EXERCISE DESCRIPTION
Tally the lines of the data below that contain the string "last". Give the tally and nothing else.

EXTRACTED MATERIAL
☆ ☆ ☆ ☆ ☆ ☆ ☆

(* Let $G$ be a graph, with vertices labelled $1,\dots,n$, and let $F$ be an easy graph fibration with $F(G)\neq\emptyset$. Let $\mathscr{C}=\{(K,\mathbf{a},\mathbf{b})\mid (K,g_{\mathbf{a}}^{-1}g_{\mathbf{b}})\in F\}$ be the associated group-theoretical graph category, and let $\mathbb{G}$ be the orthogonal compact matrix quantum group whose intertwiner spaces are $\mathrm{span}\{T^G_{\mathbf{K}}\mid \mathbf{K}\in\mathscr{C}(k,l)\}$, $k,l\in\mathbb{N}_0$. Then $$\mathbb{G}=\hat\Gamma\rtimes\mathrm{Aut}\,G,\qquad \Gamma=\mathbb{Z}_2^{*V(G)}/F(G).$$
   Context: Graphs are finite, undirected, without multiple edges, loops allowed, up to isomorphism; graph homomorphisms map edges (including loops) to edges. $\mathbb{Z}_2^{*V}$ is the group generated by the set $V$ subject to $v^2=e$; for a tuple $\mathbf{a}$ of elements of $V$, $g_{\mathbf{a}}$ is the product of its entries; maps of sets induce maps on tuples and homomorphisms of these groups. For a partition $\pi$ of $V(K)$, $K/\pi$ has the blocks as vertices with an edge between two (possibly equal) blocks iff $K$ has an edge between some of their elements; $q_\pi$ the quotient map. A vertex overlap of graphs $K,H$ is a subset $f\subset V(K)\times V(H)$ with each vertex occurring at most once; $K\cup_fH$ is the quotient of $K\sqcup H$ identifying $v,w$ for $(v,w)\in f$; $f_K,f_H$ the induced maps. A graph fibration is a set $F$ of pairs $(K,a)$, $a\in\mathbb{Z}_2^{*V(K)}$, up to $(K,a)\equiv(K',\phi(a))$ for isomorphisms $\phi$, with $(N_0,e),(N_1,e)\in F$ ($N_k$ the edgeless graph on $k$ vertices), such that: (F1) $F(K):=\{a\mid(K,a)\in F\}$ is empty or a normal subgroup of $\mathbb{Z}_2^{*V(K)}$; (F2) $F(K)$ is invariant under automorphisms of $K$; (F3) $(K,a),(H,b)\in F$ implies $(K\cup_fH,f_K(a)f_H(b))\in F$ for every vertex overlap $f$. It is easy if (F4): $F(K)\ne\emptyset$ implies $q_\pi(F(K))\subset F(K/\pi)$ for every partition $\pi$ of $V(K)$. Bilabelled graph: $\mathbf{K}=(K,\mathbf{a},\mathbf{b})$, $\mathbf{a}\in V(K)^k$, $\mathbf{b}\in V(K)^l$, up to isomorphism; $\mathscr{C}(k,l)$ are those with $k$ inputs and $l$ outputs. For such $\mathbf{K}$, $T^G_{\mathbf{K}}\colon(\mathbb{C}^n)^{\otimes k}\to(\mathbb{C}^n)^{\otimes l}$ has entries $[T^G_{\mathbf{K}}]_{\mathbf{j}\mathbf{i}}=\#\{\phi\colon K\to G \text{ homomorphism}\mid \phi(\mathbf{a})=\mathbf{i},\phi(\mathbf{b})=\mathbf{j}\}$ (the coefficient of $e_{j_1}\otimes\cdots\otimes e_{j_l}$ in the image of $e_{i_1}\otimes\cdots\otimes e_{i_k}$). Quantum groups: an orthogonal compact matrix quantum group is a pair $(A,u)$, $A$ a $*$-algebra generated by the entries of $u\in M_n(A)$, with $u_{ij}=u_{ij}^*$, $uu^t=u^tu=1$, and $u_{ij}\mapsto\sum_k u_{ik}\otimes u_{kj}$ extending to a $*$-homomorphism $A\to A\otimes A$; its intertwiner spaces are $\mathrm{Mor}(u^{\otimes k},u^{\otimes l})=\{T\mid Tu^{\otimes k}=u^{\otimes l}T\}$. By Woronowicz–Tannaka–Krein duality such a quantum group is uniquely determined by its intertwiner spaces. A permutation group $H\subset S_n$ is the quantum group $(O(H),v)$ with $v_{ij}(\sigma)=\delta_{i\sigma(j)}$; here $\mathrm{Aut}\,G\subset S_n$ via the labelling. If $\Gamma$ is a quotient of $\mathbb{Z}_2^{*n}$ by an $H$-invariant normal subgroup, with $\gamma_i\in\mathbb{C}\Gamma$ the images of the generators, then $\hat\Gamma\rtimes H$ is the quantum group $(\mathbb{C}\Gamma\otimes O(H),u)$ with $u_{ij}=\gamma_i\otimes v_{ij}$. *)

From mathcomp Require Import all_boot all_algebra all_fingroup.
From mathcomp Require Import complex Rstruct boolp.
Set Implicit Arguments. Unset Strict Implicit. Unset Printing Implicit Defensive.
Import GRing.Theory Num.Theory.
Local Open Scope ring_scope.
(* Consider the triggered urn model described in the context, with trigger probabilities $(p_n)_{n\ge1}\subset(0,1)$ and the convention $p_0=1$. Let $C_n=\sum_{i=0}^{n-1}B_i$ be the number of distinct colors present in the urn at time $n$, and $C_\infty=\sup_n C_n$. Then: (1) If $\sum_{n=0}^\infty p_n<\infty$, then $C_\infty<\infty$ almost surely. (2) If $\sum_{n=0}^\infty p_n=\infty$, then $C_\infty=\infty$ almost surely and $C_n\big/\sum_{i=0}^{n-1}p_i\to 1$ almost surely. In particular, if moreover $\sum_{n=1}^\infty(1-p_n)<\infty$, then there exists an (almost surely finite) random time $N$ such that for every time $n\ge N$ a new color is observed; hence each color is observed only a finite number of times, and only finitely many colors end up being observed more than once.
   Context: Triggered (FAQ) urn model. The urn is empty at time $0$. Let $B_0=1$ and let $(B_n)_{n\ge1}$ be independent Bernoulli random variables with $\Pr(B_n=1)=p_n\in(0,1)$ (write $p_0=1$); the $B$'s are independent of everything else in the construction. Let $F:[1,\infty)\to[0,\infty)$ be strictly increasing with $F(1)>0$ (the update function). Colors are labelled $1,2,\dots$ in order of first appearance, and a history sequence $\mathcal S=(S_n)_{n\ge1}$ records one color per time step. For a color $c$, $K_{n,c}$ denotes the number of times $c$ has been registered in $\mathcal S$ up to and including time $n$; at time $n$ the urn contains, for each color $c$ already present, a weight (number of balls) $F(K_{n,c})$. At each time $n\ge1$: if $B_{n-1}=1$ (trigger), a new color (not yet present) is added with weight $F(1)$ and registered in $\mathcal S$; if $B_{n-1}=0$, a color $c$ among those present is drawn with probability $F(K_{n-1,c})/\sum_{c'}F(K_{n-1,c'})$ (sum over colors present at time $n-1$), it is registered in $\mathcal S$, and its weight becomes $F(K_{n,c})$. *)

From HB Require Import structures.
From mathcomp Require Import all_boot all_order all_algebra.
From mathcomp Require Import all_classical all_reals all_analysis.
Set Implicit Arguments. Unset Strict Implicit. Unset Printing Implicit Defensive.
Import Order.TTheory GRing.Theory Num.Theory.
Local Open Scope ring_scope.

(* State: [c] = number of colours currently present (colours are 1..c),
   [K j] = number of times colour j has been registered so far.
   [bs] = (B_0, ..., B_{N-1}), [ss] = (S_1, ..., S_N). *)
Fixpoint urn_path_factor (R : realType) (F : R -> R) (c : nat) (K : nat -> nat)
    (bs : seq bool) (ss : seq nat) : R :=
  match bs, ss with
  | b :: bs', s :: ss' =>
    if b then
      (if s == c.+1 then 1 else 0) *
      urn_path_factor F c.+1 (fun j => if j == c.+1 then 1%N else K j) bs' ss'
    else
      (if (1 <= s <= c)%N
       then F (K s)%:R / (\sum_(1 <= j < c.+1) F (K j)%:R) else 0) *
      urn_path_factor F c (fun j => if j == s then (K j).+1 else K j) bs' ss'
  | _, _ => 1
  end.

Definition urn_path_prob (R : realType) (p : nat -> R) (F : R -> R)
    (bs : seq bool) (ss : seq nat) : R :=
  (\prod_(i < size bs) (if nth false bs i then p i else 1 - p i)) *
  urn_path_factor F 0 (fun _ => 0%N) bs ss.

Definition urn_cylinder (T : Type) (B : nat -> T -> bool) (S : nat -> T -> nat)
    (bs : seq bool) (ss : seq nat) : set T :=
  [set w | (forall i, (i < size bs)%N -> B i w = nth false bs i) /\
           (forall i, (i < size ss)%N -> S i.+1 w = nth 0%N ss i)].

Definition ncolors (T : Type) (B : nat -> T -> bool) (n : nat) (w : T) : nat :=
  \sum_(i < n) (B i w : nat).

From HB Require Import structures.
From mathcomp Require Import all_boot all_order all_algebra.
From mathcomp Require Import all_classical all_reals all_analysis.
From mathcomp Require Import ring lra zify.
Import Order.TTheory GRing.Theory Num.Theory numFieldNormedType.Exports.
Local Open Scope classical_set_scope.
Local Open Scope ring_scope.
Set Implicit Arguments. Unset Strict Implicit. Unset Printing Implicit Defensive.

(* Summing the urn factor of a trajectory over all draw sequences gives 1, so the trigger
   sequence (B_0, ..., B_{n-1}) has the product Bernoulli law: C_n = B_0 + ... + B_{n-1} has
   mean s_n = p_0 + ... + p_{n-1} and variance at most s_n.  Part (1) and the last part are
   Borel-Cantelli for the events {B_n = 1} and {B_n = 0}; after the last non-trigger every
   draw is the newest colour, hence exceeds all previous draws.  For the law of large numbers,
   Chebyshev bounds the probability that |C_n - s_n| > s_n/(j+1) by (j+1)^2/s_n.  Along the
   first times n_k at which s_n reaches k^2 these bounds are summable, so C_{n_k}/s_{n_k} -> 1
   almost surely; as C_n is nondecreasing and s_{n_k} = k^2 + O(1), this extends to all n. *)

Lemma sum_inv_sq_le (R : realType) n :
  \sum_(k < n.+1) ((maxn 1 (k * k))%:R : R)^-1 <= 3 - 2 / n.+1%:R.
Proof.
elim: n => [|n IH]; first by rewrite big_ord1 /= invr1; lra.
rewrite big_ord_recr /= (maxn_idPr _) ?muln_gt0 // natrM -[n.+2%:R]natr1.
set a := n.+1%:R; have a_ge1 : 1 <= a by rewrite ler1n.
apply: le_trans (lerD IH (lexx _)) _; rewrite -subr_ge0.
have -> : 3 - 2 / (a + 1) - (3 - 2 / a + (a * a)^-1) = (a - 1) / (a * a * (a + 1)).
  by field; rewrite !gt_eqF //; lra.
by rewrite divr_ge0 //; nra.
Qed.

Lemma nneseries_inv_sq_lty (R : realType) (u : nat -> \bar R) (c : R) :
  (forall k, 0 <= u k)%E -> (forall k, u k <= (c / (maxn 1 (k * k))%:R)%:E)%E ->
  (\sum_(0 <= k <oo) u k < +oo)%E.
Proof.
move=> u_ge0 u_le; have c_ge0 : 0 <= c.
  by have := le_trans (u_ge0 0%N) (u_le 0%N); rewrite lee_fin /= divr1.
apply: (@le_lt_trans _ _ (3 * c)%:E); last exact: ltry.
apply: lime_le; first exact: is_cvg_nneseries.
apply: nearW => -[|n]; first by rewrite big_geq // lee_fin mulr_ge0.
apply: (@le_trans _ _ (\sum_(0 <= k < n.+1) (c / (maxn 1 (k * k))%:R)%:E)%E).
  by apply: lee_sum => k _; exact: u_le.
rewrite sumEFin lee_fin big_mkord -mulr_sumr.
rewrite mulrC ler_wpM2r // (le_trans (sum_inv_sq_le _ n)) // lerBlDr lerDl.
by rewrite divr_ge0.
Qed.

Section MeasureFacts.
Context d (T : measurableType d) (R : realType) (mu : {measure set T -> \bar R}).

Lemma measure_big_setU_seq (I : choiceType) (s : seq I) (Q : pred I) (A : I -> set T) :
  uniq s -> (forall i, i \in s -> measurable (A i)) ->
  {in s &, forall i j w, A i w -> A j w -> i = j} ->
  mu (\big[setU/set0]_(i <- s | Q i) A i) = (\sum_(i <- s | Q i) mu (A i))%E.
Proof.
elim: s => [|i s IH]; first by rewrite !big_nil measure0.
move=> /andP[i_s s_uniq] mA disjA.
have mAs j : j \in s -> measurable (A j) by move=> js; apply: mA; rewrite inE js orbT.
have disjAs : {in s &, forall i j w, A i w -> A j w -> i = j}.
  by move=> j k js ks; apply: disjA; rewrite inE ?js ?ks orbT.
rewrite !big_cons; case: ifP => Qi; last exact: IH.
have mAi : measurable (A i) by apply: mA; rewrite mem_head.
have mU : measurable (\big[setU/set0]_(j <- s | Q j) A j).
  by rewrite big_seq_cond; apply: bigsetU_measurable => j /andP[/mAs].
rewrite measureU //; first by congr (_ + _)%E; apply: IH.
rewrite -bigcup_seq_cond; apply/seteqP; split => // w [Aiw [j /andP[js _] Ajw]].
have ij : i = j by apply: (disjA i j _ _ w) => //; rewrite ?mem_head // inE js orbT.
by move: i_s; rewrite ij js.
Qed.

☆ ☆ ☆ ☆ ☆ ☆ ☆

EXERCISE RESPONSE
4